For the past 7 years, we've shown the best kid-made movies in packed-house special screenings in libraries across the country. In 2019 we have screenings scheduled in New York, Brooklyn, Chicago, Boston, San Francisco, Minneapolis, Oakland, Salt Lake City, Tacoma, and other cities. These FREE events are co-hosted by me (founder James Kennedy) and other award-winning kids' authors.

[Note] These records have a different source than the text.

(* For an integer $n>1$ define, for every integer $1<r<n$, $$E^{BW,P}_n(r)=\frac{2r(r-1)}{n^2}\sum_{k=r+1}^{n}\frac{n+k}{(k-1)(k-2)},$$ and let $\mathcal{M}(n)$ be a value of $r$ at which $E^{BW,P}_n$ attains its maximum. Let $$\vartheta=\frac{1}{2W\!\left(\frac{e^{3/2}}{2}\right)}=0.552001\dots,$$ the solution of $1-3x-2x\log x=0$. Then (i) $\lim_{n\to\infty}\mathcal{M}(n)/n=\vartheta$; (ii) $\lim_{n\to\infty}E^{BW,P}_n(\mathcal{M}(n))=\lim_{n\to\infty}E^{BW,P}_n(\lfloor n\vartheta\rfloor)=\vartheta(1+\vartheta)=0.8567\dots$.
   Context: $W$ denotes the principal (main) branch of the Lambert $W$ function, i.e. the inverse of $z\mapsto ze^z$ on $[-1,\infty)$. *)

From Stdlib Require Import Reals Lra Lia ClassicalEpsilon.
From Coquelicot Require Import Coquelicot.
Open Scope R_scope.

(* Principal branch of the Lambert W function: for y >= -1/e, the unique
   w >= -1 with w * exp w = y (chosen by definite description). *)
Definition LambertW (y : R) : R :=
  epsilon (inhabits 0) (fun w => -1 <= w /\ w * exp w = y).

Definition vartheta : R := 1 / (2 * LambertW (exp (3/2) / 2)).

Definition EBWP (n r : nat) : R :=
  2 * INR r * (INR r - 1) / (INR n ^ 2) *
  sum_n_m (fun k => (INR n + INR k) / ((INR k - 1) * (INR k - 2))) (r + 1) n.

Definition nat_floor (x : R) : nat := Z.to_nat (Int_part x).

(* M is a maximizer of E_n over 1 < r < n, for every n for which this range
   is nonempty (n >= 3). *)
Definition is_maximizer (M : nat -> nat) : Prop :=
  forall n : nat, (2 < n)%nat ->
    (1 < M n < n)%nat /\
    (forall r : nat, (1 < r < n)%nat -> EBWP n r <= EBWP n (M n)).

From Stdlib Require Import Reals Lra Lia ZArith ClassicalEpsilon.
From Coquelicot Require Import Coquelicot.
Open Scope R_scope.

(* The summand splits as (n + 1) (1/(k-2) - 1/(k-1)) + 1/(k-2): the first part
   telescopes and the second is a harmonic sum, i.e. a logarithm up to O(1/r).
   Hence E_n(r) = f(r/n) + O(1/n) uniformly in 1 < r < n, with
   f(x) = 2x - 2x^2 - 2x^2 ln x.  Since f'(x) = 2 (1 - 3x - 2x ln x) and
   1/x - 3 - 2 ln x is decreasing, f increases up to its unique critical point
   vartheta and decreases afterwards; the substitution vartheta = 1/(2w) turns
   the critical equation into w e^w = e^(3/2)/2.  So max_r E_n(r) is squeezed
   between E_n(floor(n vartheta)) and f(vartheta) + O(1/n), both tending to
   f(vartheta) = vartheta (1 + vartheta), and since the maximum of f is strict,
   M(n)/n must tend to vartheta. *)

Lemma ln_sub_le a b : 0 < a -> 0 < b -> ln a - ln b <= (a - b) / b.
Proof.
  intros Ha Hb.
  rewrite <- ln_div by assumption.
  pose proof (exp_ineq1_le (ln (a / b))) as H.
  rewrite exp_ln in H by (apply Rdiv_lt_0_compat; assumption).
  replace ((a - b) / b) with (a / b - 1) by (field; lra). lra.
Qed.

Lemma ln_succ_sub_bounds x : 0 < x -> / (x + 1) <= ln (x + 1) - ln x <= / x.
Proof.
  intros Hx.
  pose proof (ln_sub_le (x + 1) x ltac:(lra) Hx) as Hup.
  pose proof (ln_sub_le x (x + 1) Hx ltac:(lra)) as Hlo.
  replace ((x + 1 - x) / x) with (/ x) in Hup by (field; lra).
  replace ((x - (x + 1)) / (x + 1)) with (- / (x + 1)) in Hlo by (field; lra).
  lra.
Qed.

Lemma shifted_harmonic_sum_bounds (c : R) (a b : nat) :
  c < INR a -> (a <= b)%nat ->
  ln (INR b + 1 - c) - ln (INR a - c) <= sum_n_m (fun k => / (INR k - c)) a b
  <= / (INR a - c) + ln (INR b - c) - ln (INR a - c).
Proof.
  intros Hc Hab. induction Hab as [|b Hab IH].
  - rewrite sum_n_n.
    pose proof (ln_succ_sub_bounds (INR a - c) ltac:(lra)) as Ha.
    replace (INR a - c + 1) with (INR a + 1 - c) in Ha by ring. lra.
  - assert (INR a <= INR b) by (apply le_INR; exact Hab).
    rewrite sum_n_Sm by lia. change plus with Rplus. rewrite S_INR.
    pose proof (ln_succ_sub_bounds (INR b - c) ltac:(lra)) as Hb.
    pose proof (ln_succ_sub_bounds (INR b + 1 - c) ltac:(lra)) as Hb1.
    replace (INR b - c + 1) with (INR b + 1 - c) in Hb by ring.
    replace (INR b + 1 - c + 1) with (INR b + 1 + 1 - c) in Hb1 by ring.
    lra.
Qed.

Lemma EBWP_sum_split (N : R) (r n : nat) : (2 <= r)%nat -> (r <= n)%nat ->
  sum_n_m (fun k => (N + INR k) / ((INR k - 1) * (INR k - 2))) (r + 1) n =
  (N + 1) * (/ (INR r - 1) - / (INR n - 1)) + sum_n_m (fun k => / (INR k - 2)) (r + 1) n.
Proof.
  intros Hr Hrn. assert (2 <= INR r) by (apply (le_INR 2); exact Hr).
  induction Hrn as [|n Hrn IH].
  - rewrite !sum_n_m_zero by lia. change zero with 0.
    match goal with |- ?a = ?b => change (@eq R a b) end. ring.
  - assert (INR r <= INR n) by (apply le_INR; exact Hrn).
    rewrite !sum_n_Sm by lia. change plus with Rplus. rewrite IH, S_INR.
    match goal with |- ?a = ?b => change (@eq R a b) end. field. lra.
Qed.
Definition EBWP_profile (x : R) : R := 2 * x - 2 * x ^ 2 - 2 * x ^ 2 * ln x.

(* [s] stands for the harmonic part of the sum and [l] for [ln (n / r)]; the
   last four hypotheses are the logarithmic estimates with denominators cleared. *)
Lemma EBWP_profile_error (n r s l : R) :
  2 <= r -> r + 1 <= n -> 0 <= l -> r * l <= n - r ->
  -1 <= (n - 1) * (s - l) -> (r - 1) * (s - l) <= 2 ->
  Rabs (2 * r * (r - 1) / n ^ 2 * ((n + 1) * (/ (r - 1) - / (n - 1)) + s)
        - (2 * (r / n) - 2 * (r / n) ^ 2 + 2 * (r / n) ^ 2 * l)) <= 10 / n.
Proof.
  intros Hr Hn Hl0 Hl1 Hslo Hshi.
  set (P := 4 * r * (n - r) + 2 * r * (r - 1) * (n - 1) * (s - l) - 2 * r * (n - 1) * l).
  assert (HQ : 0 < n ^ 2 * (n - 1)) by nra.
  match goal with |- Rabs ?d <= _ =>
    replace d with (P / (n ^ 2 * (n - 1))) by (unfold P; field; lra) end.
  assert (HP : Rabs P <= 5 * n ^ 2).
  { assert (0 <= r * (r - 1) * ((n - 1) * (s - l) + 1)) by (apply Rmult_le_pos; nra).
    assert (0 <= r * (n - 1) * (2 - (r - 1) * (s - l))) by (apply Rmult_le_pos; nra).
    assert (0 <= (n - 1) * (r * l)) by (apply Rmult_le_pos; nra).
    assert ((n - 1) * (r * l) <= (n - 1) * (n - r)) by (apply Rmult_le_compat_l; lra).
    apply Rabs_le. unfold P. split; nra. }
  rewrite Rabs_div, (Rabs_pos_eq (n ^ 2 * (n - 1))) by lra.
  apply Rle_div_l; [exact HQ|].
  replace (10 / n * (n ^ 2 * (n - 1))) with (10 * n * (n - 1)) by (field; lra).
  nra.
Qed.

We receive over 500 movies per year. All of these kid-made movies, regardless of quality, gets a positive and encouraging review on the 90-Second Newbery website. Librarians, teachers, and young filmmakers have appreciated the personal attention each movie receives. Additionally, the lineup of the movies at each screening changes from city to city to highlight local entries. Kids who make a movie who happen to live in a city with a screening have an excellent chance of seeing their movie featured on the big screen, to be enjoyed by hundreds! These participants bring their friends and family to the screenings, which gives us consistently packed-house audiences. In many schools and libraries, the making and the celebrating of their 90-Second Newbery movies has become a traditional annual event that folks look forward to all year.
The project has 3 major prongs: (1) the book-to-movie filmmaking workshops I teach in libraries and schools in the fall, (2) the 14-city tour of screenings in the spring, and (3) the affirming personalized reviews of each and every movie on the 90-Second Newbery website.